O VAMPIRO DE VILA VALQUEIRE - Conto Humorísitico de Terror - Jober Rocha
O
VAMPIRO DE VILA VALQUEIRE
(Jober Rocha, classificado no Concurso Literário
Bram Stoker de Contos de Terror)
Em Vila Valqueire, um bairro pobre do
subúrbio da cidade do Rio de Janeiro, onde residi com os meus avos durante a
infância, conheci um menino com o qual costumava brincar em uma pequena pracinha
situada perto de casa.
Ela era uma criança bastante diferente
das demais, razão pela qual, frequentemente, brincava sozinha e de forma isolada
em um canto mais escuro do jardim; já que, as demais crianças a evitavam.
Por sermos vizinhos de rua acabamos nos
tornando amigos e fiquei, assim, conhecendo toda a sua história, que a
continuação passo a relatar.
Desde que nascera sempre havia sido uma
criança muito sensível, destas que não podia ver sangue nem pessoas feridas.
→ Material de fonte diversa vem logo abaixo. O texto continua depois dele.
Definition distinct_branch_sizes (S : seq (seq nat)) : Prop :=
  forall a b, a \in S -> b \in S -> forall t, t.+2 <= size a ->
  take t a = take t b -> nth 0 a t != nth 0 b t ->
  prefix_count S t.+1 (take t.+1 a) != prefix_count S t.+1 (take t.+1 b).

Definition word_family (d j : nat) (S : seq (seq nat)) : Prop :=
  [/\ uniq S, {in S, forall a, size a = j},
      {in S, forall a, all (fun e => e < d) a} & distinct_branch_sizes S].

Lemma prefix_count_cat S1 S2 t p :
  prefix_count (S1 ++ S2) t p = prefix_count S1 t p + prefix_count S2 t p.
Proof. exact: count_cat. Qed.

Lemma prefix_count_cons q C t x p :
  prefix_count (map (cons q) C) t.+1 (x :: p) = (x == q) * prefix_count C t p.
Proof.
rewrite /prefix_count count_map; have [->|neq_xq] := eqVneq x q.
  by rewrite mul1n; apply: eq_count => a /=; rewrite eqseq_cons eqxx.
rewrite mul0n; apply/eqP; rewrite eqn0Ngt -has_count; apply/hasPn => a _ /=.
by rewrite eqseq_cons eq_sym (negbTE neq_xq).
Qed.

Lemma prefix_count0 S : prefix_count S 0 [::] = size S.
Proof. by rewrite -count_predT; apply: eq_count => a; rewrite take0. Qed.

Lemma prefix_count_gt0 S t a : a \in S -> 0 < prefix_count S t (take t a).
Proof. by move=> a_S; rewrite -has_count; apply/hasP; exists a. Qed.

Lemma prefix_count_leS S t a :
  prefix_count S t.+1 (take t.+1 a) <= prefix_count S t (take t a).
Proof.
apply: sub_count => w /eqP eq_w /=.
by rewrite -(take_takel w (leqnSn t)) eq_w take_takel.
Qed.

Lemma prefix_count_head_gt S q t p :
  {in S, forall a, head 0 a < q} -> prefix_count S t.+1 (q :: p) = 0.
Proof.
move=> head_lt; apply/eqP; rewrite eqn0Ngt -has_count; apply/hasPn.
move=> [|x a] //= /head_lt /= lt_xq.
by rewrite eqseq_cons (ltn_eqF lt_xq).
Qed.

Lemma mem_graft (S C : seq (seq nat)) q a : a \in S ++ map (cons q) C ->
  a \in S \/ exists2 a', a = q :: a' & a' \in C.
Proof. by rewrite mem_cat => /orP[->|/mapP[a' ? ->]]; [left|right; exists a']. Qed.

Section Grafting.

Variables (j q : nat) (S C : seq (seq nat)).
Hypothesis size_S : {in S, forall a, size a = j.+1}.
Hypothesis head_S : {in S, forall a, head 0 a < q}.
Hypothesis branches_S : distinct_branch_sizes S.
Hypothesis branches_C : distinct_branch_sizes C.
Hypothesis size_C_fresh : {in S, forall a, prefix_count S 1 (take 1 a) != size C}.

Let T := S ++ map (cons q) C.

Lemma prefix_count_graft_old t a : a \in S ->
  prefix_count T t.+1 (take t.+1 a) = prefix_count S t.+1 (take t.+1 a).
Proof.
move=> a_S; have := head_S a_S; have := size_S a_S.
case: a a_S => [|x a] //= _ _ lt_xq.
by rewrite prefix_count_cat prefix_count_cons (ltn_eqF lt_xq) mul0n addn0.
Qed.

Lemma prefix_count_graft_new t a :
  prefix_count T t.+1 (take t.+1 (q :: a)) = prefix_count C t (take t a).
Proof.
by rewrite /= prefix_count_cat prefix_count_cons eqxx mul1n prefix_count_head_gt.
Qed.

Lemma prefix_count_graft_mixed a b t : a \in S -> take t a = take t (q :: b) ->
  prefix_count T t.+1 (take t.+1 a) != prefix_count T t.+1 (take t.+1 (q :: b)).
Proof.
case: t => [|t] a_S eq_take.
  rewrite prefix_count_graft_old // prefix_count_graft_new take0 prefix_count0.
  exact: size_C_fresh.
have := head_S a_S; have := size_S a_S.
by case: a a_S eq_take => [|x a] //= _ [-> _] _; rewrite ltnn.
Qed.

Lemma distinct_branch_sizes_graft : distinct_branch_sizes T.
Proof.
move=> a b /mem_graft[a_S|[a' -> a'_C]] /mem_graft[b_S|[b' -> b'_C]]
  t le_t eq_take neq_nth.
- by rewrite !prefix_count_graft_old //; apply: branches_S.
- exact: prefix_count_graft_mixed.
- by rewrite eq_sym; apply: prefix_count_graft_mixed (esym eq_take).
- case: t le_t eq_take neq_nth => [|t] le_t eq_take neq_nth.
    by rewrite eqxx in neq_nth.
  by rewrite !prefix_count_graft_new; apply: branches_C => //; case: eq_take.
Qed.

End Grafting.

Lemma word_family_graft d j q S C :
  word_family d j.+1 S -> {in S, forall a, head 0 a < q} -> q < d ->
  word_family d j C -> {in S, forall a, prefix_count S 1 (take 1 a) != size C} ->
  word_family d j.+1 (S ++ map (cons q) C).
Proof.
move=> [uniq_S size_S letters_S branches_S] head_S lt_qd.
move=> [uniq_C size_C letters_C branches_C] fresh.
split; last exact: distinct_branch_sizes_graft size_S head_S branches_S branches_C fresh.
- have cons_q_inj : injective (cons q) by move=> a b [].
  rewrite cat_uniq uniq_S (map_inj_uniq cons_q_inj) uniq_C andbT /=.
  by apply/hasPn => _ /mapP[a _ ->]; apply/negP => /head_S /=; rewrite ltnn.
- by move=> a /mem_graft[/size_S|[a' -> /size_C /= ->]].
- by move=> a /mem_graft[/letters_S|[a' -> /letters_C letters_a']] //=; rewrite lt_qd.
Qed.

Fixpoint sum_desc (B q : nat) : nat := if q is q'.+1 then B + sum_desc B.-1 q' else 0.

Section Branching.

Variables (d j L : nat).
Hypothesis families : forall r, r <= L -> exists2 C, word_family d j C & size C = r.

Lemma graft_families q B s : q <= d -> B <= L -> s <= sum_desc B q ->
  exists S, [/\ word_family d j.+1 S, {in S, forall a, head 0 a < q},
                forall i, prefix_count S 1 [:: i] <= B & size S = s].
Proof.
elim: q B s => [|q IHq] B s /= le_qd le_BL.
  rewrite leqn0 => /eqP ->; exists [::]; split=> //; split=> // a b.
set r := minn s B => le_s.
have [|||S [family_S head_S count_S size_S]] := IHq B.-1 (s - r).
- exact: ltnW.
- exact: leq_trans (leq_pred B) le_BL.
- by move: le_s; rewrite /r; lia.
have [C family_C size_C] := families (leq_trans (geq_minr s B) le_BL).
have [_ word_size _ _] := family_S.
have nonempty a : a \in S -> 0 < size a by move=> /word_size ->.
have take1 a : a \in S -> take 1 a = [:: head 0 a].
  by move=> /nonempty; case: a => //= x a _; rewrite take0.
exists (S ++ map (cons q) C); split.
- (* The new branch has min(s, B) words; when the old ones exist, this is B. *)
  apply: word_family_graft => // a a_S; rewrite size_C.
  have := prefix_count_gt0 1 a_S; have := count_S (head 0 a); rewrite -take1 //.
  have : 0 < size S by rewrite lt0n size_eq0; apply: contraTneq a_S => ->.
  rewrite size_S /r; move: (prefix_count _ _ _) => x; lia.
- by move=> a; rewrite mem_cat => /orP[/head_S /ltnW|/mapP[a' _ ->]].
- move=> i; rewrite prefix_count_cat prefix_count_cons; have [->|_] := eqVneq i q.
    by rewrite prefix_count_head_gt // mul1n prefix_count0 size_C geq_minr.
  by rewrite mul0n addn0 (leq_trans (count_S i)) ?leq_pred.
- by rewrite size_cat size_map size_S size_C subnK // geq_minl.
Qed.

End Branching.

Fixpoint tree_size (d j : nat) : nat :=
  if j is j'.+1 then sum_desc (tree_size d j') d else d.

Lemma tree_families d j s :
  s <= tree_size d j -> exists2 S, word_family d j.+1 S & size S = s.
Proof.
elim: j s => [|j IHj] s /= le_s.
  exists [seq [:: i] | i <- iota 0 s]; last by rewrite size_map size_iota.
  split=> [||a /mapP[i]|a b /mapP[i _ ->] //].
  - have singleton_inj : injective (fun i : nat => [:: i]) by move=> x y [].
    by rewrite (map_inj_uniq singleton_inj) iota_uniq.
  - by move=> a /mapP[i _ ->].
  - by rewrite mem_iota => /andP[_ lt_is] ->; rewrite /= andbT (leq_trans lt_is).
by have [S [? _ _ ?]] := graft_families IHj (leqnn d) (leqnn _) le_s; exists S.
Qed.

Lemma sum_desc_double B q : q <= B.+1 -> 2 * sum_desc B q + q * q.-1 = 2 * q * B.
Proof.
elim: q B => [|q IHq] [|B] //= le_qB; first by case: q {IHq} le_qB.
by have := IHq B le_qB; case: q {IHq le_qB} => [|q] /=; nia.
Qed.

Lemma leq_sum_desc B q : 0 < q -> B <= sum_desc B q.
Proof. by case: q => //= q _; rewrite leq_addr. Qed.

Lemma tree_size_double d j : 0 < d -> 2 * tree_size d j = d ^ j.+1 + d.
Proof.
move=> d_gt0; have ge_d i : d <= tree_size d i.
  by elim: i => //= i IHi; apply: leq_trans IHi (leq_sum_desc _ d_gt0).
elim: j => [|j IHj] /=; first by rewrite expn1 addnn -mul2n.
have := sum_desc_double (leq_trans (ge_d j) (leqnSn _)); rewrite expnS.
move: IHj; move: (tree_size d j) (sum_desc _ _) (d ^ j.+1) => L F P; nia.
Qed.

Lemma path_fun_const (T : eqType) (U : Type) (e : rel T) (f : T -> U) x p :
  (forall y z, e y z -> f y = f z) -> path e x p -> {in x :: p, forall y, f y = f x}.
Proof.
move=> f_e; elim: p x => [|z p IHp] x /=; first by move=> _ y; rewrite inE => /eqP ->.
case/andP=> e_xz path_zp y; rewrite inE => /predU1P[-> //|y_p].
by rewrite (IHp z path_zp y) ?inE ?y_p ?orbT ?(f_e _ _ e_xz).
Qed.

Fixpoint lcp (a b : seq nat) : nat :=
  if (a, b) is (x :: a', y :: b') then (if x == y then (lcp a' b').+1 else 0) else 0.

Lemma lcpC a b : lcp a b = lcp b a.
Proof. by elim: a b => [|x a IHa] [|y b] //=; rewrite eq_sym IHa. Qed.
Não que aquilo lhe causasse medo, mal-estar
ou nojo, porém, pelo contrário, o sangue e os ferimentos o atraiam. Ao ver
sangue sentia enorme vontade de bebê-lo. A luz do sol também o incomodava,
obrigando-o a cerrar as cortinas do quarto e a usar óculos escuros, mesmo
estando dentro de casa.
Seus pais nunca suspeitaram de nada e o
tratavam como uma criança normal; muito embora a sua mãe, logo que o trouxera
da maternidade, tendo feito um corte junto ao seio, ao colocar o bebê para
mamar notou que ele, ao invés de sugar o seio, sugava o sangue do ferimento.
Sua infância transcorreu normalmente,
sem nenhum fato importante que chamasse a atenção dos demais familiares e
amigos, a não ser que, sempre que alguma criança, brincando, se machucava de
sair sangue, ele logo se oferecia para lamber o ferimento, afirmando que fazendo
aquilo o ferimento parava de sangrar instantaneamente.
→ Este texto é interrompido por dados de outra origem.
(* Let $U_1,\dots,U_n$ be subsets of a set $X$, $\mathcal C=\mathrm{code}(\mathcal U,X)\subseteq2^{[n]}$, and $I_{\Gamma(\mathcal C)}$ the Stanley–Reisner ideal of the polar complex of $\mathcal C$. Then for $\sigma,\tau\subseteq[n]$, $$x^\sigma y^\tau\in I_{\Gamma(\mathcal C)}\iff\bigcap_{i\in\sigma}U_i\subseteq\bigcup_{j\in\tau}U_j,$$ with the conventions $\bigcap_{i\in\emptyset}U_i=X$ and $\bigcup_{j\in\emptyset}U_j=\emptyset$.
   Context: For $\sigma\subseteq[n]$ the atom is $A_\sigma=\bigl(\bigcap_{i\in\sigma}U_i\bigr)\setminus\bigcup_{j\notin\sigma}U_j$ (with $A_\emptyset=X\setminus\bigcup_iU_i$), and $\mathrm{code}(\mathcal U,X)=\{\sigma:A_\sigma\neq\emptyset\}$. The polar complex $\Gamma(\mathcal C)$ is the simplicial complex on $[n]\sqcup\{\bar1,\dots,\bar n\}$ consisting of all subsets of $\sigma\sqcup\{\bar i:i\in[n]\setminus\sigma\}$, $\sigma\in\mathcal C$. In $S=\mathbb F_2[x_1,\dots,x_n,y_1,\dots,y_n]$, with $x^\sigma=\prod_{i\in\sigma}x_i$ and $y^\tau=\prod_{j\in\tau}y_j$, the Stanley–Reisner ideal is $I_{\Gamma(\mathcal C)}=\langle x^\sigma y^\tau:\sigma\sqcup\{\bar j:j\in\tau\}\notin\Gamma(\mathcal C)\rangle$. *)

From HB Require Import structures.
From mathcomp Require Import all_boot all_algebra.
From mathcomp Require Import multinomials.mpoly.
Set Implicit Arguments. Unset Strict Implicit. Unset Printing Implicit Defensive.
Import GRing.Theory.
Local Open Scope ring_scope.

Definition atom_nonempty (n : nat) (X : Type) (U : 'I_n -> X -> Prop)
  (sigma : {set 'I_n}) : Prop :=
  exists x : X, forall i : 'I_n, (i \in sigma) <-> U i x.

Definition code (n : nat) (X : Type) (U : 'I_n -> X -> Prop) : {set 'I_n} -> Prop :=
  atom_nonempty U.

(* vertex set [n] ⊔ {1bar,...,nbar}: inl i = i, inr j = jbar *)
Definition polar_vertices (n : nat) (sigma : {set 'I_n}) : {set 'I_n + 'I_n} :=
  [set inl i | i in sigma] :|: [set inr j | j in ~: sigma].

Definition polar_face (n : nat) (C : {set 'I_n} -> Prop) (F : {set 'I_n + 'I_n}) : Prop :=
  exists sigma, C sigma /\ F \subset polar_vertices sigma.

Definition xy_set (n : nat) (sigma tau : {set 'I_n}) : {set 'I_n + 'I_n} :=
  [set inl i | i in sigma] :|: [set inr j | j in tau].

(* S = F_2[x_1..x_n, y_1..y_n]; x_i = 'X_(lshift n i), y_j = 'X_(rshift n j) *)
Definition S (n : nat) := {mpoly 'F_2[n + n]}.

Definition xy_mono (n : nat) (sigma tau : {set 'I_n}) : S n :=
  (\prod_(i in sigma) 'X_(lshift n i)) * (\prod_(j in tau) 'X_(rshift n j)).

Definition SR_gen (n : nat) (C : {set 'I_n} -> Prop) (p : S n) : Prop :=
  exists sigma tau : {set 'I_n},
    ~ polar_face C (xy_set sigma tau) /\ p = xy_mono sigma tau.

Definition in_ideal_gen (R : comNzRingType) (G : R -> Prop) (p : R) : Prop :=
  exists s : seq (R * R), (forall q, q \in s -> G q.2) /\
    p = \sum_(q <- s) q.1 * q.2.

From HB Require Import structures.
From mathcomp Require Import all_boot all_algebra.
From mathcomp Require Import multinomials.mpoly.
From Stdlib Require Import Classical ClassicalDescription.
Local Open Scope ring_scope.
Import GRing.Theory.

(* A squarefree monomial lies in a Stanley–Reisner ideal iff its support is a
   nonface. Indeed, evaluating at the 0/1 indicator point of a maximal face
   c ⊔ {jbar : j ∉ c} sends a squarefree monomial to 1 if its support lies in
   that face and to 0 otherwise; so it kills every generator, hence the ideal,
   but not a monomial supported on a face. For the polar complex of a code,
   x^sigma y^tau is supported on a face iff some point of X lies in every U_i,
   i in sigma, and in no U_j, j in tau. *)

Lemma exists_set_of_pred {T : finType} (P : T -> Prop) :
  exists A : {set T}, forall t, t \in A <-> P t.
Proof.
exists [set t | if excluded_middle_informative (P t) then true else false].
by move=> t; rewrite inE; case: excluded_middle_informative.
Qed.

Lemma prodr_natb (R : comNzSemiRingType) (T : finType) (A B : {pred T}) :
  \prod_(t in A) (t \in B)%:R = (A \subset B)%:R :> R.
Proof.
have [/subsetP AB | /subsetPn [t At Bt]] := boolP (A \subset B).
  by apply: big1 => t /AB ->.
by rewrite (bigD1 t At) /= (negbTE Bt) mul0r.
Qed.

Lemma in_ideal_gen_gen (R : comNzRingType) (G : R -> Prop) (p : R) :
  G p -> in_ideal_gen G p.
Proof.
move=> Gp; exists [:: (1, p)]; split; last by rewrite big_seq1 mul1r.
by move=> q; rewrite inE => /eqP ->.
Qed.

Lemma rmorph_in_ideal_gen_eq0 (R R' : comNzRingType) (f : {rmorphism R -> R'})
    (G : R -> Prop) (p : R) :
  (forall g, G g -> f g = 0) -> in_ideal_gen G p -> f p = 0.
Proof.
move=> fG [s [sG ->]]; rewrite rmorph_sum big_seq big1 // => q /sG /fG Gq.
by rewrite rmorphM Gq mulr0.
Qed.

Section PolarComplex.

Variable n : nat.
Implicit Types (sigma tau c : {set 'I_n}) (C : {set 'I_n} -> Prop).

Lemma inl_polar_vertices c i : (inl i \in polar_vertices c) = (i \in c).
Proof.
rewrite !inE mem_imset; last exact: inl_inj.
by case: (i \in c) => //; apply/imsetP => -[].
Qed.

Lemma inr_polar_vertices c j : (inr j \in polar_vertices c) = (j \notin c).
Proof.
rewrite !inE (mem_imset _ _ (@inr_inj _ _)) inE orbC.
by case: (j \in c) => //=; apply/imsetP => -[].
Qed.

Lemma xy_set_sub_polar_vertices sigma tau c :
  (xy_set sigma tau \subset polar_vertices c) =
  (sigma \subset c) && [disjoint tau & c].
Proof.
rewrite subUset !sub_imset_pre disjoint_subset.
by congr andb; apply: eq_subset_r => i;
  rewrite in_set ?inl_polar_vertices ?inr_polar_vertices ?inE.
Qed.

(* The point with x_i = [i \in c] and y_j = [j \notin c]. *)
Definition polar_point c (k : 'I_(n + n)) : 'F_2 :=
  (split k \in polar_vertices c)%:R.

Lemma meval_polar_point_xy_mono c sigma tau :
  meval (polar_point c) (xy_mono sigma tau) =
  (xy_set sigma tau \subset polar_vertices c)%:R.
Proof.
rewrite /xy_mono mevalM !rmorph_prod /=.
under eq_bigr do
  rewrite mevalXU /polar_point (unsplitK (inl _)) inl_polar_vertices.
under [X in _ * X]eq_bigr do
  rewrite mevalXU /polar_point (unsplitK (inr _)) inr_polar_vertices -in_setC.
by rewrite !prodr_natb -natrM mulnb -disjoints_subset xy_set_sub_polar_vertices.
Qed.

Lemma xy_mono_in_SR_ideal C sigma tau :
  in_ideal_gen (SR_gen C) (xy_mono sigma tau) <->
  ~ polar_face C (xy_set sigma tau).
Proof.
split=> [inI [c [Cc face]] | nonface]; last first.
  by apply: in_ideal_gen_gen; exists sigma, tau.
have : meval (polar_point c) (xy_mono sigma tau) = 0.
  apply: rmorph_in_ideal_gen_eq0 inI => _ [a [b [nonface_ab ->]]].
  rewrite /= meval_polar_point_xy_mono.
  by case: (boolP (_ \subset _)) => // sub; case: nonface_ab; exists c.
by rewrite meval_polar_point_xy_mono face => /eqP; rewrite oner_eq0.
Qed.

Lemma polar_face_code (X : Type) (U : 'I_n -> X -> Prop) sigma tau :
  polar_face (code U) (xy_set sigma tau) <->
  exists x, (forall i, i \in sigma -> U i x) /\
            (forall j, j \in tau -> ~ U j x).
Proof.
split=> [[c [[x atom_x]]] | [x [Usigma Utau]]].
  rewrite xy_set_sub_polar_vertices => /andP [/subsetP sub_c dis_c].
  exists x; split=> [i /sub_c /atom_x // | j tau_j /atom_x c_j].
  by rewrite (disjointFr dis_c tau_j) in c_j.
have [c atom_x] := exists_set_of_pred (U^~ x).
exists c; split; first by exists x.
rewrite xy_set_sub_polar_vertices; apply/andP; split.
  by apply/subsetP => i /Usigma /atom_x.
rewrite disjoints_subset; apply/subsetP => j /Utau nUj.
by rewrite inE; apply/negP => /atom_x.
Qed.

End PolarComplex.

Theorem corollary6p8 (n : nat) (X : Type) (U : 'I_n -> X -> Prop)
    (sigma tau : {set 'I_n}) :
  in_ideal_gen (SR_gen (code U)) (xy_mono sigma tau) <->
  (forall x : X, (forall i, i \in sigma -> U i x) ->
     exists j, j \in tau /\ U j x).
Proof.
rewrite xy_mono_in_SR_ideal polar_face_code.
split=> [no_witness x Usigma | cover [x [Usigma Utau]]].
  apply: NNPP => no_j; apply: no_witness; exists x; split=> // j tau_j Uj.
  by apply: no_j; exists j.
by have [j [tau_j Uj]] := cover x Usigma; apply: Utau Uj.
Qed.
Seus pais sempre foram pobres e, com o passar
do tempo, quando o filho atingiu a puberdade, os genitores não podiam comprar,
todos os dias, as carnes suculentas que o jovem solicitava; fato este que
originava, por vezes, discussões e brigas no seio da família.
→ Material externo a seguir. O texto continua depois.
(* Let $T$ be a graph on a countably infinite set $X$ with bounded degree, $\mu$ a $T$-invariant mean on $X$ with associated measure $\bar\mu$ on $\beta X$, and let $W$ be a subgraph of $T$ with $V(W)=X$. Then for every integer $l\ge1$, the $\mu$-measure of the set of points $x\in X$ whose connected component in $W$ has exactly $l$ vertices equals the $\bar\mu$-measure of the set of points $\omega\in\beta X$ whose connected component in $\mathcal G(W)$ has exactly $l$ vertices.
   Context: A mean on $X$ is a finitely additive $\mu:2^X\to[0,1]$ with $\mu(X)=1$; $\bar\mu$ is the unique regular Borel probability on $\beta X$ (the ultrafilters on $X$) with $\bar\mu(U_A)=\mu(A)$ where $U_A=\{\omega:A\in\omega\}$. A mean is $T$-invariant if it is invariant under some (equivalently every) action of a finitely generated group on $X$ whose Schreier graph with respect to a finite symmetric generating set is $T$ (Schreier graph: edge $\{x,y\}$ when $x\neq y$ and $s(x)=y$ for a generator $s$). For a bounded degree graph $W$ on $X$, $\mathcal G(W)$ is the graph on $\beta X$ with an edge $\{\omega,\omega'\}$ when $\omega\neq\omega'$ and $\tilde s(\omega)=\omega'$ for a generator $s$ of some finitely generated group action on $X$ with Schreier graph $W$, where $\tilde s(\omega)=\{s(A):A\in\omega\}$; this does not depend on the chosen action. *)

From Stdlib Require Import Reals List Relations.
Open Scope R_scope.

Set Implicit Arguments.

Definition set (A : Type) := A -> Prop.

Definition image {X : Type} (s : X -> X) (A : set X) : set X :=
  fun y => exists x, A x /\ s x = y.

Definition countably_infinite (X : Type) : Prop :=
  exists f : nat -> X, (forall n m, f n = f m -> n = m) /\ (forall x, exists n, f n = x).

Definition is_graph {V : Type} (G : V -> V -> Prop) : Prop :=
  (forall x y, G x y -> G y x) /\ (forall x, ~ G x x).

Definition bounded_degree {V : Type} (G : V -> V -> Prop) : Prop :=
  exists d : nat, forall x, exists ys : list V,
    (length ys <= d)%nat /\ forall y, G x y -> In y ys.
Em certa ocasião os pais notaram que os
dentes dele foram ficando pontiagudos, sendo que os caninos projetavam-se para
fora da boca.
As orelhas dele ficaram maiores e
afilaram na parte superior. As unhas também ficaram maiores e afiadas, como
garras de algum animal ou ave.
Nasceram-lhe grossos pelos no corpo e as
sobrancelhas ficaram grandes e cerradas. Sua aparência física foi, cada vez
mais, ficando parecida com a de um morcego.
Por essa época ele quase não saía mais
de casa e havia emagrecido muito, já que nenhum alimento, a não ser carne
sangrenta e o próprio sangue, lhe caía bem no estômago.
Seus pais, embora ignorantes, a certa
altura, premidos pela necessidade financeira, resolveram expô-lo à curiosidade
pública (evidentemente cobrando ingressos) em uma grande gaiola de metal,
especialmente mandada construir sob medida para ele.
Com o dinheiro arrecadado, a partir de
então, sua alimentação melhorou e ele já podia, agora, tomar quantos litros de
sangue bovino quisesse e mastigar grandes pedaços de carne crua e suculenta.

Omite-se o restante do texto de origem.